• [MATERIAL SHOWN]
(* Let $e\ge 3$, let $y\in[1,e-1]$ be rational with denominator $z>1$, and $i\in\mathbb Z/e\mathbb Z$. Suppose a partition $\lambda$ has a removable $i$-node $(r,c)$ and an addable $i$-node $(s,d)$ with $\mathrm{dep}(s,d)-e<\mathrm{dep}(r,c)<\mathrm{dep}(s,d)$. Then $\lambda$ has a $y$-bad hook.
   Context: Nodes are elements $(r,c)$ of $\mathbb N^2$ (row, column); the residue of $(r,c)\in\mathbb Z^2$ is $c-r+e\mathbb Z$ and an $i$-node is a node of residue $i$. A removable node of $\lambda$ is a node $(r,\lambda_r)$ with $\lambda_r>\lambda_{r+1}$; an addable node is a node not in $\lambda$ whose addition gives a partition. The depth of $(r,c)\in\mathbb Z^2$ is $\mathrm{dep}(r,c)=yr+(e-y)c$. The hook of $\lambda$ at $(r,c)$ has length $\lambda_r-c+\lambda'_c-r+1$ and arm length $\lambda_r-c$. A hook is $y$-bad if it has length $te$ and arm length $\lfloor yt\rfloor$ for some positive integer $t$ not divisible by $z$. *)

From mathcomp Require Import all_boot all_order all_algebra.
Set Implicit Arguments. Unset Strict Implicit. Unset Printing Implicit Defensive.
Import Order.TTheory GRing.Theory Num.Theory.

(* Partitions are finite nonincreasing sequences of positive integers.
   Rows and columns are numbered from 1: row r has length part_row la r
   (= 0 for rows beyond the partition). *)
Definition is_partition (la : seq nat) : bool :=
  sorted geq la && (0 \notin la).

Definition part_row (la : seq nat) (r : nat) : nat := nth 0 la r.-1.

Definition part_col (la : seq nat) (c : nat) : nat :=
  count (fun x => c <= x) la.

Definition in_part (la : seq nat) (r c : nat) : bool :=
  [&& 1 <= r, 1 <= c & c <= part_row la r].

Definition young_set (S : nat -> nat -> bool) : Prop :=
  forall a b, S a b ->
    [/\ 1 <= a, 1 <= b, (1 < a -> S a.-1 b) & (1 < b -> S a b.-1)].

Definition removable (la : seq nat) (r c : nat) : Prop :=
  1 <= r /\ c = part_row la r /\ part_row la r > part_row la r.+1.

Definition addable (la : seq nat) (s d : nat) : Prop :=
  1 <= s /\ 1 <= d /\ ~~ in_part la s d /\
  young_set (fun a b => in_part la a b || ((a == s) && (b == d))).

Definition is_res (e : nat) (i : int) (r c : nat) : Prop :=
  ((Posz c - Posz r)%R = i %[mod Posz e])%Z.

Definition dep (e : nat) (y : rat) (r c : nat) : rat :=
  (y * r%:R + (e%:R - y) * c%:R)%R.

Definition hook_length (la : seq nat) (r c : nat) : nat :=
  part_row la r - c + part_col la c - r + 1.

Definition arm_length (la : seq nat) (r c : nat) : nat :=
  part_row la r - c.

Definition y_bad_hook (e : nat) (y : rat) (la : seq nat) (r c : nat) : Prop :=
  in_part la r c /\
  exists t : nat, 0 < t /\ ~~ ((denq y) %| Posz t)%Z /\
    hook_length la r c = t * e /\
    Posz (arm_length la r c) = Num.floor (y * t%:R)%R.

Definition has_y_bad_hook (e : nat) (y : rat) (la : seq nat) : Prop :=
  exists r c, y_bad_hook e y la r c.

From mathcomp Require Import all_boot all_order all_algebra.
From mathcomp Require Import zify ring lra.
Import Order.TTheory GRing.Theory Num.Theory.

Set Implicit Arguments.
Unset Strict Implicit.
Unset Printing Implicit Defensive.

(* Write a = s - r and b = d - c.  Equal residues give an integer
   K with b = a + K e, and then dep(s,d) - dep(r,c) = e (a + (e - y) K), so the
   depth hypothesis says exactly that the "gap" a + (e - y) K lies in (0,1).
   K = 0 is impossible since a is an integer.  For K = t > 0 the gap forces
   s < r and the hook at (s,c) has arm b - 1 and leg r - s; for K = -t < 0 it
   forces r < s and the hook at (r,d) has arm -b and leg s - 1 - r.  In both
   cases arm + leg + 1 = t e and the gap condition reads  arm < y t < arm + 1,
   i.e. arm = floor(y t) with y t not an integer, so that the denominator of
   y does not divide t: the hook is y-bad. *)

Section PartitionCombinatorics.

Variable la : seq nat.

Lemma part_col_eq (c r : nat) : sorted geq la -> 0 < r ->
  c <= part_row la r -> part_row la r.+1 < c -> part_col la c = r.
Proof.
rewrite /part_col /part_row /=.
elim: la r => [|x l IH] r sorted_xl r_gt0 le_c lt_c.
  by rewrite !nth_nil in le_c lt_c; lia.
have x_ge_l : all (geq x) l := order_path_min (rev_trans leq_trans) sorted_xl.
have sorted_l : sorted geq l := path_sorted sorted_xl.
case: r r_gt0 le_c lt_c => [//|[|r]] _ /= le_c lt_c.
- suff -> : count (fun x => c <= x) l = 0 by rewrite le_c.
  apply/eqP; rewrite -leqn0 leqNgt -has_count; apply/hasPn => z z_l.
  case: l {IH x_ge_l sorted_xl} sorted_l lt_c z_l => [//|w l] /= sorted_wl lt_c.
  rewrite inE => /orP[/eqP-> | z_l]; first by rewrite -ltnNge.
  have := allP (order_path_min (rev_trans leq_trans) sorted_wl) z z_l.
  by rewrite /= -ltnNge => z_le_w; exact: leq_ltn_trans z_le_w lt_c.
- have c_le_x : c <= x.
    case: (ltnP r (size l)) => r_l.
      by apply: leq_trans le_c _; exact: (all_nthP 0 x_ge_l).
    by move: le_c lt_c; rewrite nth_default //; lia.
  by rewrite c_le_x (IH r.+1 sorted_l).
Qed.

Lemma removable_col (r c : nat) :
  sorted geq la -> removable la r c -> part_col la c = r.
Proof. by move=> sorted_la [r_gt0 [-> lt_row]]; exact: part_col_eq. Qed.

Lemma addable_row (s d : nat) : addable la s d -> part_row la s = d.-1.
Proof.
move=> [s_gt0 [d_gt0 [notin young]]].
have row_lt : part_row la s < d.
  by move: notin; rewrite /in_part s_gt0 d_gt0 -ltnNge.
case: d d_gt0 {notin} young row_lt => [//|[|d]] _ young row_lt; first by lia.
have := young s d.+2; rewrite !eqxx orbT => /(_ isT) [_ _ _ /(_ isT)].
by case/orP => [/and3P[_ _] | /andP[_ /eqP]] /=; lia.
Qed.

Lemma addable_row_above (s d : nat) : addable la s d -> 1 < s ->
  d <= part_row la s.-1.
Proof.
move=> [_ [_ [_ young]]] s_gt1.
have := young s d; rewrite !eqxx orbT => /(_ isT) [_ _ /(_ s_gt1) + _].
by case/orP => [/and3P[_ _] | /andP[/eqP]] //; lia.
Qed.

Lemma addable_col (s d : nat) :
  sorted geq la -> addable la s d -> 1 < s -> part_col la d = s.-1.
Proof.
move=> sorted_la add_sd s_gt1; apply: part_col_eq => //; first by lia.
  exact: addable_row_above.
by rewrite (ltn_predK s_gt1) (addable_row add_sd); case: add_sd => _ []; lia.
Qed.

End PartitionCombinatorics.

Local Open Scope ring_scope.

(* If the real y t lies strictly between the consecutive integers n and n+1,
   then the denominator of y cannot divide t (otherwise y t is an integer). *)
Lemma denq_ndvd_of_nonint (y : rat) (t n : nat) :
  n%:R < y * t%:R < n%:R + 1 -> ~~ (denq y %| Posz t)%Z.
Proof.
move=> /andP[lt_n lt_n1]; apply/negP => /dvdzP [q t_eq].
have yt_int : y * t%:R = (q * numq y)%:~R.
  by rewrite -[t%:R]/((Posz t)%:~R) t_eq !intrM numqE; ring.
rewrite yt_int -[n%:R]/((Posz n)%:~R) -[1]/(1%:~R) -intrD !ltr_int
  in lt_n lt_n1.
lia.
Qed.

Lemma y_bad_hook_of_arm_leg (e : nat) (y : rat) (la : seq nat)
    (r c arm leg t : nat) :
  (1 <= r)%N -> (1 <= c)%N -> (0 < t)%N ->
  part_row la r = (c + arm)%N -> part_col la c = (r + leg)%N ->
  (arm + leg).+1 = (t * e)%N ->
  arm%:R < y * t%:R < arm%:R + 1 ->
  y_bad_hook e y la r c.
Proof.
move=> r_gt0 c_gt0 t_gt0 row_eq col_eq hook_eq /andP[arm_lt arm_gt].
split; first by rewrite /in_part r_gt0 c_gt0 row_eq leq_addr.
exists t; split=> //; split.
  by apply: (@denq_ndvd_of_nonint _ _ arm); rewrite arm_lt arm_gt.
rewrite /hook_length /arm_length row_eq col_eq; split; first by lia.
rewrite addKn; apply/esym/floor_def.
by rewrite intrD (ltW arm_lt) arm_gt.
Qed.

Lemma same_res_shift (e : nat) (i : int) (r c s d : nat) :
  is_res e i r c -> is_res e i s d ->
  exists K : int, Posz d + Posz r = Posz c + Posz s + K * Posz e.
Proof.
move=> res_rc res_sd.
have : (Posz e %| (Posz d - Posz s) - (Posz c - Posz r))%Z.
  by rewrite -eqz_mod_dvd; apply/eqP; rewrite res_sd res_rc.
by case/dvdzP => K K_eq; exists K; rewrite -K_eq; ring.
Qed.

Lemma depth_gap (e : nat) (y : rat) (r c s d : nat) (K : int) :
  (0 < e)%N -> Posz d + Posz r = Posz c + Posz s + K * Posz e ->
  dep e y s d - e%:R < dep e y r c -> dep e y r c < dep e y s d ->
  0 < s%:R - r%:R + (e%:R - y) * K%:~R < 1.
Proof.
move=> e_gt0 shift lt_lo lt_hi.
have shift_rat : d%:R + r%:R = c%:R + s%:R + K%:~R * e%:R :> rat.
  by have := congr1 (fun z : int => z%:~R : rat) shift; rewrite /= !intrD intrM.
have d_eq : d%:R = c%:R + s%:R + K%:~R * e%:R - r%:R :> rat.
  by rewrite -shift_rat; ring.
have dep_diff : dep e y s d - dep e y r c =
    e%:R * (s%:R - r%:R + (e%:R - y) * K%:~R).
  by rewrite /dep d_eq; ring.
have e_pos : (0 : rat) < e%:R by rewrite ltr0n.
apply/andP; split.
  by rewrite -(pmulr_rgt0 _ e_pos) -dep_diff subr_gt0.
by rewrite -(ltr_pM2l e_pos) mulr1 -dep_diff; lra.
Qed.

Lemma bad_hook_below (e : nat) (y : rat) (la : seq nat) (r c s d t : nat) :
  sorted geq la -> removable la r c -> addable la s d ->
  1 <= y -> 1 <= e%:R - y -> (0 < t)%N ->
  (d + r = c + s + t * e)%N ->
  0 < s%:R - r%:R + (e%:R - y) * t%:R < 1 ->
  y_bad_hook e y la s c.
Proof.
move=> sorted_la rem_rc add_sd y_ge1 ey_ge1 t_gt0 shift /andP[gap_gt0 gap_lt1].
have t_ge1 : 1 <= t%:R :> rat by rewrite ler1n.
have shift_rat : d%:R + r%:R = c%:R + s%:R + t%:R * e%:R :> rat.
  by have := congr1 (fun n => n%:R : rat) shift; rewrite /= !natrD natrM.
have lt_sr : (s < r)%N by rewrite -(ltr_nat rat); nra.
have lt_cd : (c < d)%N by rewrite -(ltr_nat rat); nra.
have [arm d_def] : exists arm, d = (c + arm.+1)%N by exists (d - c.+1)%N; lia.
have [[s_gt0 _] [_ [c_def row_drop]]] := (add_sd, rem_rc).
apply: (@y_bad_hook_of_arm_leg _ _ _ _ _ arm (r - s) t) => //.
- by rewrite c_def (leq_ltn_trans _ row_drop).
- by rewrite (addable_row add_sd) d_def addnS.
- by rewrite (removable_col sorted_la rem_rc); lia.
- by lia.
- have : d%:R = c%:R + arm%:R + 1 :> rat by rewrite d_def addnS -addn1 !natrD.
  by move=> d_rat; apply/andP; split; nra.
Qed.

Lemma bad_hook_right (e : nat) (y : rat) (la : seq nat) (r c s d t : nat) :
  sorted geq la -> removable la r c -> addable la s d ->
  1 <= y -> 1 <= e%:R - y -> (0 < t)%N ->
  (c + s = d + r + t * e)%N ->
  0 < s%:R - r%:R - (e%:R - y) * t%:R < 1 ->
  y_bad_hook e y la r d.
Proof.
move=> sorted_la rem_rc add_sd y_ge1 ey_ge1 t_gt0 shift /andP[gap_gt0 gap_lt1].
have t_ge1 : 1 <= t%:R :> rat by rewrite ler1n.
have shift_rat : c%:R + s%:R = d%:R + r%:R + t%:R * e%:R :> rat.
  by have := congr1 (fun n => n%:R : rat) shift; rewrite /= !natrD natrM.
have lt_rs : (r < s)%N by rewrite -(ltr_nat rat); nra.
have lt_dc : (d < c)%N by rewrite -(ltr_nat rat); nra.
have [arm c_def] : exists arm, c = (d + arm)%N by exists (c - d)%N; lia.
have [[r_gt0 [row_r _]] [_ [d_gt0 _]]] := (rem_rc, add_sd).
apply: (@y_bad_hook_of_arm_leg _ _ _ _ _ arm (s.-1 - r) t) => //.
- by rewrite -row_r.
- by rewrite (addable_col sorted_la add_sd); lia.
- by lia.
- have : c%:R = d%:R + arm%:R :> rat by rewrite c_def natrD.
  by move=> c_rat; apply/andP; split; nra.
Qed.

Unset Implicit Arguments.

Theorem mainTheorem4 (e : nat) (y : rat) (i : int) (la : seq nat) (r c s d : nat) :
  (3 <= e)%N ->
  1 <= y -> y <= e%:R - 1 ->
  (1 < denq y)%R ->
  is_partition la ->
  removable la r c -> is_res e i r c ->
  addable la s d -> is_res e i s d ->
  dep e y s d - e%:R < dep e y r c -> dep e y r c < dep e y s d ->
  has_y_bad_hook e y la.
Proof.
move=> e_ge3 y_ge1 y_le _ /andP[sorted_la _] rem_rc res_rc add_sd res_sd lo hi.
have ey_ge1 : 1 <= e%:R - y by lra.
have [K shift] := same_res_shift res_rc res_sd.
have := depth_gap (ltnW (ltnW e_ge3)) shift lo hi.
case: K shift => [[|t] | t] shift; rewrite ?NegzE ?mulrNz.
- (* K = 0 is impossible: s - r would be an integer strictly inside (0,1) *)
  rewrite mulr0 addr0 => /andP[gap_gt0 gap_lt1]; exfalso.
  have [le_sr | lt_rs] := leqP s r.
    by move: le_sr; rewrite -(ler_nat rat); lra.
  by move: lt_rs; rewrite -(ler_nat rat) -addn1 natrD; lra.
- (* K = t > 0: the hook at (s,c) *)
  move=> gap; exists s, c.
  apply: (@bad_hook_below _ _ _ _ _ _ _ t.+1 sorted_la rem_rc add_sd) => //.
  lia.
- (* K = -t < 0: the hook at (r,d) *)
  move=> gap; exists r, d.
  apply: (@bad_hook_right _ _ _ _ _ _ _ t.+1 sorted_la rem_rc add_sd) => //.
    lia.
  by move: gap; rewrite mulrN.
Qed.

• [AIM OF THE EXERCISE]
Retype the entries above exactly, but only from the line containing "part_row la r = (c" through the line containing "move=> r_gt0 c_gt0", both included.

• [TASK ANSWER]
  part_row la r = (c + arm)%N -> part_col la c = (r + leg)%N ->
  (arm + leg).+1 = (t * e)%N ->
  arm%:R < y * t%:R < arm%:R + 1 ->
  y_bad_hook e y la r c.
Proof.
move=> r_gt0 c_gt0 t_gt0 row_eq col_eq hook_eq /andP[arm_lt arm_gt].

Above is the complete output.